The ultimate procedural goal in MT is the safe and fast recanalization of the occluded target artery to restore blood supply to ischemic brain tissue. This must be performed without damaging the navigated proximal arteries or the introduction of air or thrombotic emboli into new territories which were previously unaffected (embolization into new territory).

The studies reported here undertook a process to characterize in detail a safe reference approach to MT for a neurovascular trainee who has demonstrated independent competency in diagnostic cerebral angiography. We sought to characterize the endovascular procedure per se and not cover the issues of diagnostic imaging, patient selection, or anesthesia. It was hypothesized that we could identify procedure, phases, steps, and procedure errors (deviations from optimal performance). It was also hypothesized that experienced INRs could reach consensus on these metrics, and when integrated into a physics based virtual reality simulation that they could distinguish between the performance of experienced and novice INRs performing the procedure on the simulator.


Procedure characterization

This study received expedited institutional review board approval from the Cork University Hospital ethics committee (ECM 4 (d) 04/07/17; June 22, 2017). The research was supported by a grant from the Swedish government agency for innovation (Vinnova) to Mentice AB (Gothenburg, Sweden). Three INRs (MH/TL and RC), a behavioral scientist (AGG), an interventional radiologist (LL), and a senior project engineer (JL) formed the procedure characterization group. The INRs had >8 years of practice experience and mastered the full range of intracranial and spinal neurovascular interventions.

The project focused on the anterior circulation, while noting there is definite overlap with performance of thrombectomy in the posterior circulation. Procedure characterization was performed over a 7 month period in five face to face meetings. Additional time was spent at the simulator development facility to optimize technical features regarding the fidelity of the simulation platform. The procedure was deconstructed into 10 phases (table 1), consisting of 46 steps; 57 possible errors were defined. Error severity was defined as either critical or non-critical.

Table 1

Phases of the mechanical thrombectomy procedure, with the beginning and end of each phase clearly defined

Phases I and X are generic skills in endovascular therapies. Safe retrograde femoral access and closure were defined as being in accordance with institutional protocols.

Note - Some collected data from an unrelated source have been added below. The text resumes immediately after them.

Lemma recurrence_growth (a : nat -> R) (c rho C : R) (d : nat) :
  0 < rho -> 0 <= c <= rho -> 0 <= C -> (forall k, 0 <= a k) ->
  (forall k, a k.+1 <= c * a k + C * k.+1%:R ^+ d * rho ^+ k) ->
  exists D, forall k, a k <= D * k.+1%:R ^+ d.+1 * rho ^+ k.
Proof.
move=> rho0 /andP [c0 c_rho] C0 a0 rec; set D := a 0%N + C / rho.
have D0 : 0 <= D by rewrite addr_ge0 // divr_ge0 // ltW.
have C_le : C <= D * rho by rewrite -ler_pdivrMr // lerDr.
exists D; elim=> [|k IH]; first by rewrite !expr0 expr1n !mulr1 lerDl divr_ge0 // ltW.
apply: le_trans (rec k) _.
set b := (k.+1%:R : R) in IH *; set t := rho ^+ k in IH *.
have -> : D * k.+2%:R ^+ d.+1 * rho ^+ k.+1 = D * ((b + 1) * (b + 1) ^+ d) * (t * rho).
  by rewrite -natr1 exprS exprSr.
have b0 : 0 <= b by []; have t0 : 0 < t by apply: exprn_gt0.
have P0 : 0 <= b ^+ d by apply: exprn_ge0.
have homogeneous : c * a k <= rho * (D * (b * b ^+ d) * t).
  by apply: ler_pM => //; rewrite -exprS.
have forcing : C * b ^+ d * t <= D * rho * b ^+ d * t.
  by apply: ler_wpM2r; [exact: ltW | apply: ler_wpM2r].
have degree_up :
    D * ((b + 1) * b ^+ d) * (t * rho) <= D * ((b + 1) * (b + 1) ^+ d) * (t * rho).
  apply: ler_wpM2r; first by rewrite mulr_ge0 // ltW.
  apply: ler_wpM2l => //; apply: ler_wpM2l; first lra.
  by apply: lerXn2r; rewrite ?nnegrE //; lra.
have regroup : D * ((b + 1) * b ^+ d) * (t * rho) =
    rho * (D * (b * b ^+ d) * t) + D * rho * b ^+ d * t by ring.
lra.
Qed.

End GrowthRates.
Section ComplexModulus.
Context {R : rcfType}.

Lemma cnorm_real (x : R) : cnorm (x%:C)%C = `|x|.
Proof. by rewrite /ComplexField.Normc.normc /= expr0n /= addr0 sqrtr_sqr. Qed.

Lemma cnorm_ge0 (z : R[i]) : 0 <= cnorm z.
Proof. by case: z => a b; rewrite /ComplexField.Normc.normc sqrtr_ge0. Qed.
Lemma concat_homotopy_continuous H1 H2 :
  continuous H1 -> continuous H2 -> continuous (concat_homotopy H1 H2).
Proof.
move=> H1c H2c; have double_c : continuous (fun z : X * R => 2 * z.2).
  by apply: continuous_mulR; [exact: cst_continuous | exact: continuous_snd].
apply: continuous_ptws => u; apply: continuous_subR; first apply: continuous_addR.
- apply: (continuous_coord (H := fun z => H1 (z.1, _))); apply: continuous_reparam => //.
  by apply: continuous_minR => //; exact: cst_continuous.
- apply: (continuous_coord (H := fun z => H2 (z.1, _))); apply: continuous_reparam => //.
  apply: continuous_maxR; first exact: cst_continuous.
  by apply: continuous_subR => //; exact: cst_continuous.
- apply: (continuous_coord (H := fun z => H1 (z.1, 1))).
  by apply: continuous_reparam => //; exact: cst_continuous.
Qed.

Lemma homotopic_trans F G K : homotopic F G -> homotopic G K -> homotopic F K.
Proof.
case=> H1 [H1c H1A H1ends] [H2 [H2c H2A H2ends]].
exists (concat_homotopy H1 H2); split; first exact: concat_homotopy_continuous.
- move=> x t Ax /andP[t0 t1]; have [_ G1] := H1ends x Ax; have [G2 _] := H2ends x Ax.
  rewrite /concat_homotopy /=; have [le_t_half|lt_half_t] := lerP t (2^-1).
    have -> : Num.max 0 (2 * t - 1) = 0 by apply/max_idPl; lra.
    rewrite G1 G2 (_ : (fun u => _) = H1 (x, Num.min 1 (2 * t))).
      apply: H1A => //; apply/andP; split; last by rewrite ge_min lexx.
      by rewrite le_min; apply/andP; split; lra.
    by apply: funext => u; rewrite addrK.
  have -> : Num.min 1 (2 * t) = 1 by apply/min_idPl; lra.
  rewrite (_ : (fun u => _) = H2 (x, Num.max 0 (2 * t - 1))).
    apply: H2A => //; apply/andP; split; first by rewrite le_max lexx.
    by rewrite ge_max; apply/andP; split; lra.
  by apply: funext => u; rewrite addrC addKr.
- move=> x Ax; have [F1 G1] := H1ends x Ax; have [G2 K2] := H2ends x Ax.
  rewrite /concat_homotopy /= mulr0 mulr1 sub0r.
  have -> : Num.min 1 0 = 0 :> R by apply/min_idPr; lra.
  have -> : Num.max 0 (-1) = 0 :> R by apply/max_idPl; lra.
  have -> : Num.min 1 2 = 1 :> R by apply/min_idPl; lra.
  have -> : Num.max 0 (2 - 1) = 1 :> R by rewrite (_ : 2 - 1 = 1) ?(max_idPr _) //; lra.
  by rewrite F1 G2 K2 -G1; split; apply: funext => u; rewrite ?addrK // addrC addKr.
Qed.

Lemma homotopic_congr F F' G G' : (forall x, A x -> F x = F' x) ->
  (forall x, A x -> G x = G' x) -> homotopic F G -> homotopic F' G'.
Proof.
move=> FF' GG' [H [Hc HA Hends]]; exists H; split => // x Ax.
by have [-> ->] := Hends x Ax; rewrite FF' ?GG'.
Qed.

Lemma contractible_homotopic_const x0 : A x0 -> homotopic id (fun => x0) -> contractible R A.
Proof.
move=> Ax0 [H [Hc HA Hends]]; exists x0; split => //; exists H; split => //.
exact: continuous_subspaceT.
Qed.

End Homotopy.

Section Pushforward.
Variables (R : realType) (T : finType) (Q : pred T) (le : rel T).
Hypotheses (le_trans : transitive le) (le_anti : antisymmetric le).
Local Notation X := (prod_topology (fun _ : T => (R : topologicalType))).
Local Notation A := (realization Q le).

Definition pushforward (f : T -> T) (x : X) : X := fun u => \sum_t (if f t == u then x t else 0).

Definition dirac (c : T) : X := fun u => if u == c then 1 else 0.

Lemma sum_if_eq (c : T) (a : T -> R) : \sum_u (if c == u then a u else 0) = a c.
Proof. by rewrite -big_mkcond /= (big_pred1 c) // => u /=; rewrite eq_sym. Qed.

Lemma sumr_neq0_exists (F : T -> R) : \sum_t F t != 0 -> exists t, F t != 0.
Proof.
move=> nz; apply/existsP; apply: contraNT nz; rewrite negb_exists => /forallP F0.
by apply/eqP/big1 => t _; apply/eqP/negPn/F0.
Qed.

Section InRealization.
Variable x : X.
Hypothesis Ax : A x.

Lemma realization_ge0 t : 0 <= x t. Proof. by case: Ax. Qed.

Lemma realization_support t : x t != 0 -> Q t.
Proof. by case: Ax => _ [Qx _] xt; apply/negPn; apply: contra xt => /Qx ->. Qed.

Lemma realization_sum : \sum_t x t = 1. Proof. by case: Ax => _ [_ []]. Qed.

Lemma realization_chain t u : x t != 0 -> x u != 0 -> le t u || le u t.
Proof. by case: Ax => _ [_ [_]]; apply. Qed.

Lemma realization_chain_map (h : T -> T) t u :
  (forall t t', Q t -> Q t' -> le t t' -> le (h t) (h t')) ->
  x t != 0 -> x u != 0 -> le (h t) (h u) || le (h u) (h t).
Proof.
move=> h_mono xt xu; have [Qt Qu] := (realization_support xt, realization_support xu).
by apply/orP; case/orP: (realization_chain xt xu) => le_tu; [left | right]; apply: h_mono.
Qed.

Lemma pushforward_id : pushforward id x = x.
Proof. by apply: funext => u; rewrite /pushforward -big_mkcond /= big_pred1_eq. Qed.

Lemma pushforward_eq_in f g : (forall t, Q t -> f t = g t) -> pushforward f x = pushforward g x.
Proof.
move=> fg; apply: funext => u; apply: eq_bigr => t _.
by have [->|/realization_support Qt] := eqVneq (x t) 0; [case: ifP; case: ifP | rewrite fg].
Qed.

Lemma pushforward_const c : pushforward (fun => c) x = dirac c.
Proof.
apply: funext => u; rewrite /pushforward /dirac eq_sym.
by case: (u == c); [exact: realization_sum | exact: big1].
Qed.

End InRealization.

Lemma realization_dirac c : Q c -> le c c -> A (dirac c).
Proof.
move=> Qc le_cc; rewrite /dirac; split; first by move=> t; case: ifP.
split; first by move=> t; case: eqP => // ->; rewrite Qc.
split; first by rewrite -big_mkcond /= big_pred1_eq.
move=> t u; have [-> _|_] := eqVneq t c; last by rewrite eqxx.
by have [-> _|_] := eqVneq u c; rewrite ?le_cc ?eqxx.
Qed.

Definition mass_below (x : X) t : R := \sum_(w | (w != t) && le w t) x w.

There are certain tenets in angiography that are constant, irrespective of which organ is being studied. In general, a catheter should only be advanced over a suitable guidewire. If resistance to catheter or wire advancement is felt, pressure should be released in order to ensure that the tip of the wire or catheter has not damaged the vessel lining. When a catheter is being manipulated in the absence of a wire movement it should be backwards rather than pushing forwards to avoid ‘vessel scraping’. Deviation from these basic principles were deemed to constitute an error.

Phase II was divided into subsections a and b. Selection of the innominate and right internal carotid arteries in a type I arch is generally straightforward and can be performed by a forward curve catheter. These catheters can be used directly once the leading guidewire has selected the target cervical vessel. Selection of the left common and internal carotid arteries can be more challenging. These often require the use of a reverse curve Simmonds (SIM 1, 2, 3 etc) catheter. This catheter requires manipulation in situ to form the working shape. This is technically demanding and requires additional steps. There are several recognized ways to form the working shape of the SIM catheters, in the ascending aorta over the aortic valve, in the left subclavian artery over the abdominal aortic bifurcation. The group all form the catheter in the left subclavian artery by preference. This was felt to be the safest and most reproducible technique by the group (unanimously agreed by the subsequent Delphi panel).

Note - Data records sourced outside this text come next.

(* If infinitely far out along r1 there are walks of bounded length from r1 to r2,
   then r1 eventually runs inside r2: otherwise the geodesic from r1 0 to a far
   vertex of r1 would contain more off-r2 vertices than a fixed walk to r2 and
   the bounded walks can supply. *)
Lemma eventually_on_of_close C :
  (forall N, exists i j Q, N <= i /\ walk_from_to (r1 i) (r2 j) Q /\ length Q <= C) ->
  exists i0, forall i, i0 <= i -> exists j, r1 i = r2 j.
Proof.
  intros Hc. apply NNPP; intro Hn.
  assert (Hoff : forall i0, exists i, i0 <= i /\ ~ exists j, r1 i = r2 j).
  { intros i0. apply NNPP; intro Hn'. apply Hn. exists i0. intros i Hi.
    apply NNPP; intro. apply Hn'; eauto. }
  destruct (reduced_walk_exists (r1 0) (r2 0)) as [Z HZ].
  destruct (distinct_indices Hoff (S (length Z + C))) as (l & Hnd & Hl & Hl_off).
  destruct (Hc (list_max l)) as (I & J & Q & HI & HQ & HlQ).
  set (P := fun v => In v Z \/ (exists j, v = r2 j) \/ In v Q).
  assert (W : walk_in P (r1 0) (r1 I)).
  { eapply walk_in_trans; [|eapply walk_in_trans].
    - apply (walk_in_mono (P := fun v => In v Z)); [unfold P; auto|].
      apply walk_in_of_walk, reduced_walk_from_to, HZ.
    - apply (walk_in_mono (P := fun v => exists j, v = r2 j)); [unfold P; auto|].
      apply (ray_walk_in H2 0 J).
    - apply (walk_in_mono (P := fun v => In v Q)); [unfold P; auto|].
      apply walk_in_sym, walk_in_of_walk, HQ. }
  pose proof (walk_in_reduced_walk W (ray_segment_reduced H1 0 I)) as HW.
  assert (Hincl : incl (map r1 l) (Z ++ Q)).
  { intros v Hv. apply in_map_iff in Hv. destruct Hv as [i [<- Hi]].
    assert (Hi_seg : In (r1 i) (ray_segment r1 0 I)).
    { apply ray_segment_in.
      pose proof (proj1 (list_max_le l _) (le_n _)) as HF.
      rewrite Forall_forall in HF. specialize (HF i Hi). lia. }
    destruct (HW _ Hi_seg) as [A|[A|A]]; apply in_or_app; auto.
    destruct (Hl_off i Hi A). }
  apply NoDup_incl_length in Hincl.
  - rewrite length_map, length_app in Hincl. lia.
  - apply Injective_map_NoDup; [intros a b; apply (ray_injective H1)|exact Hnd].
Qed.

Lemma same_end_of_close C :
  (forall N, exists i j Q, N <= i /\ walk_from_to (r1 i) (r2 j) Q /\ length Q <= C) ->
  same_end r1 r2.
Proof.
  intros Hc. destruct (eventually_on_of_close Hc) as [i0 Hi0].
  exact (same_end_of_eventually_on Hi0).
Qed.

End TwoRays.

Definition end_fixed_by (f : V -> V) (r : nat -> V) : Prop := same_end (fun n => f (r n)) r.

Definition translates (f : V -> V) (r : nat -> V) (k m : nat) : Prop :=
  forall n, f (r (n + k)) = r (n + m).

Lemma translates_iter (f : V -> V) r k m :
  translates f r k m -> k <= m -> forall N, Nat.iter N f (r k) = r (k + N * (m - k)).
Proof.
  intros H Hkm N. induction N as [|N IH]; simpl.
  - f_equal; lia.
  - rewrite IH. replace (k + N * (m - k)) with (N * (m - k) + k) by lia.
    rewrite H. f_equal. lia.
Qed.

Lemma translates_inv (f g : V -> V) r k m :
  (forall x, g (f x) = x) -> translates f r k m -> translates g r m k.
Proof. intros Hgf H n. rewrite <- H. auto. Qed.

Lemma preserves_adj_iter (f : V -> V) : preserves_adj f -> forall N, preserves_adj (Nat.iter N f).
Proof. intros H N; induction N; intros a b Hab; simpl; auto. Qed.

(* Two ends along which f translates forward coincide: the powers of f carry one
   fixed walk between the rays further and further out. *)
Lemma same_end_of_forward_translations (f : V -> V) (Hf : preserves_adj f) r1 r2 k1 m1 k2 m2 :
  is_ray adj r1 -> is_ray adj r2 ->
  translates f r1 k1 m1 -> k1 < m1 -> translates f r2 k2 m2 -> k2 < m2 -> same_end r1 r2.
Proof.
  intros H1 H2 T1 L1 T2 L2.
  destruct (reduced_walk_exists (r1 k1) (r2 k2)) as [P HP].
  apply (same_end_of_close H1 H2 (C := length P)).
  intros N. exists (k1 + N * (m1 - k1)), (k2 + N * (m2 - k2)), (map (Nat.iter N f) P).
  split; [nia|split].
  - rewrite <- (translates_iter T1), <- (translates_iter T2); try lia.
    apply walk_from_to_map; [apply preserves_adj_iter; auto|].
    apply reduced_walk_from_to; auto.
  - rewrite length_map; auto.
Qed.

Section Automorphism.
Variables f g : V -> V.
Hypothesis Hf : preserves_adj f.
Hypothesis Hg : preserves_adj g.
Hypothesis Hgf : forall x, g (f x) = x.

Lemma same_end_of_translations r1 r2 k1 m1 k2 m2 :
  is_ray adj r1 -> is_ray adj r2 -> translates f r1 k1 m1 -> translates f r2 k2 m2 ->
  (k1 < m1 /\ k2 < m2) \/ (m1 < k1 /\ m2 < k2) -> same_end r1 r2.
Proof.
  intros H1 H2 T1 T2 [[L1 L2]|[L1 L2]].
  - exact (same_end_of_forward_translations Hf H1 H2 T1 L1 T2 L2).
  - exact (same_end_of_forward_translations Hg H1 H2
             (translates_inv Hgf T1) L1 (translates_inv Hgf T2) L2).
Qed.

(* An automorphism fixing three distinct ends fixes a vertex: an end fixed by f
   is either attracting, repelling, or contains a fixed vertex, and two ends of
   the same kind coincide. *)
Lemma three_ends_fixed_vertex x y z :
  is_ray adj x -> is_ray adj y -> is_ray adj z ->
  end_fixed_by f x -> end_fixed_by f y -> end_fixed_by f z ->
  ~ same_end x y -> ~ same_end x z -> ~ same_end y z -> exists v, f v = v.
Proof.
  intros Rx Ry Rz [kx [mx Tx]] [ky [my Ty]] [kz [mz Tz]] Nxy Nxz Nyz.
  destruct (lt_eq_lt_dec kx mx) as [[Lx|<-]|Lx]; [| now exists (x kx); apply (Tx 0) |];
  (destruct (lt_eq_lt_dec ky my) as [[Ly|<-]|Ly]; [| now exists (y ky); apply (Ty 0) |]);
  (destruct (lt_eq_lt_dec kz mz) as [[Lz|<-]|Lz]; [| now exists (z kz); apply (Tz 0) |]);
  exfalso;
  first [ apply Nxy; apply (same_end_of_translations Rx Ry Tx Ty); lia
        | apply Nxz; apply (same_end_of_translations Rx Rz Tx Tz); lia
        | apply Nyz; apply (same_end_of_translations Ry Rz Ty Tz); lia ].
Qed.

End Automorphism.

Definition inverse_pair (f g : V -> V) : Prop :=
  (forall x, g (f x) = x) /\ (forall x, f (g x) = x).

Definition end_pair_preserved_by (f : V -> V) (r1 r2 : nat -> V) : Prop :=
  (end_fixed_by f r1 /\ end_fixed_by f r2) \/
  (same_end (fun n => f (r1 n)) r2 /\ same_end (fun n => f (r2 n)) r1).

Section Generated.
Variable S : (V -> V) -> Prop.

Lemma gen_word_comp w1 w2 : gen_word S w1 -> gen_word S w2 -> gen_word S (fun x => w1 (w2 x)).
Proof.
  intros H1 H2; induction H1.
  - exact H2.
  - exact (gw_mul s H IHgen_word).
  - exact (gw_inv s t H H0 IHgen_word).
Qed.

Lemma gen_subgroup_id : gen_subgroup S (fun x => x).
Proof. exists (fun x => x); split; [constructor|auto]. Qed.

Lemma gen_subgroup_gen s : S s -> gen_subgroup S s.
Proof. intros H; exists (fun x => s x); split; auto. exact (gw_mul s H (gw_id S)). Qed.

Lemma gen_subgroup_comp f g :
  gen_subgroup S f -> gen_subgroup S g -> gen_subgroup S (fun x => f (g x)).
Proof.
  intros [w [Hw E]] [w' [Hw' E']]. exists (fun x => w (w' x)); split.
  - apply gen_word_comp; auto.
  - intros; rewrite E', E; auto.
Qed.

Lemma gen_subgroup_iter f : gen_subgroup S f -> forall n, gen_subgroup S (Nat.iter n f).
Proof.
  intros H n; induction n; simpl; [apply gen_subgroup_id|exact (gen_subgroup_comp H IHn)].
Qed.

Lemma gen_subgroup_ind (Q : (V -> V) -> Prop) :
  Q (fun x => x) ->
  (forall s f, S s -> Q f -> Q (fun x => s (f x))) ->
  (forall s t f, S s -> (forall x, s (t x) = x /\ t (s x) = x) -> Q f -> Q (fun x => t (f x))) ->
  (forall f g, Q f -> (forall x, f x = g x) -> Q g) ->
  forall f, gen_subgroup S f -> Q f.
Proof. intros H0 H1 H2 H3 f [w [Hw E]]. apply (H3 w); auto. clear E. induction Hw; eauto. Qed.

Lemma gen_subgroup_fixes_end r :
  (forall s, S s -> end_fixed_by s r) -> forall f, gen_subgroup S f -> end_fixed_by f r.
Proof.
  intros H. apply gen_subgroup_ind.
  - apply same_end_refl.
  - intros s f Hs Hf. exact (same_end_trans (same_end_map s Hf) (H s Hs)).
  - intros s t f Hs Hst Hf. eapply same_end_trans; [apply (same_end_map t Hf)|].
    apply same_end_sym. apply (same_end_ext (a := fun n => t (s (r n))));
      [apply same_end_map, H, Hs | intros; apply Hst].
  - intros f g Hf E. exact (same_end_ext Hf (fun n => E (r n))).
Qed.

Phases II and IV relate to the attainment of a stable balloon guide catheter position in the internal carotid artery. In the original simulated run, steps within phases III and IV had to be performed sequentially such that if a step in phase IV was performed prior to the completion of any of the phase III steps an error was recorded. Experiences within the group using the simulator and Delphi discussions demonstrated that these two phases formed a continuum and that there are many occasions where performing a step from phase IV before the end of phase III would be reasonable, safe, and would not constitute an error. Variation in the order of steps in these phases was not penalized. Attempts to perform any steps from phase V prior to the completion of phase IV was judged to represent unacceptable deviation from the protocol.

Phase III, step 13, was further subdivided depending on the capabilities of the angiographic equipment. The majority of intracranial procedures are performed on biplane equipment but the use of single plane systems in MT is not uncommon.

Phase III, step 13a, pertained to units with biplane equipment. The frontal tube is centered on the aortic arch and the lateral tube is centered more cranially to visualize the common carotid artery bifurcation. The roadmap imaged acquired here allows the operator to assess the movements of the proximal catheter construct in the arch while visualizing the carotid bifurcation and distal wire position.

Step 13b would be employed if the procedure was being used on single plane equipment. The degree of x-ray field magnification was described in non-specific terms as large/small field of view (FOV). This was in response to the fact that different manufacturers of angiography equipment provide different FOVs. In addition, different operators have different preferences for different FOVs. As long as the choice of FOV did not compromise a safe technique, for instance selecting a FOV that precluded visualization of the distal wire tip position, no comment was made on FOV.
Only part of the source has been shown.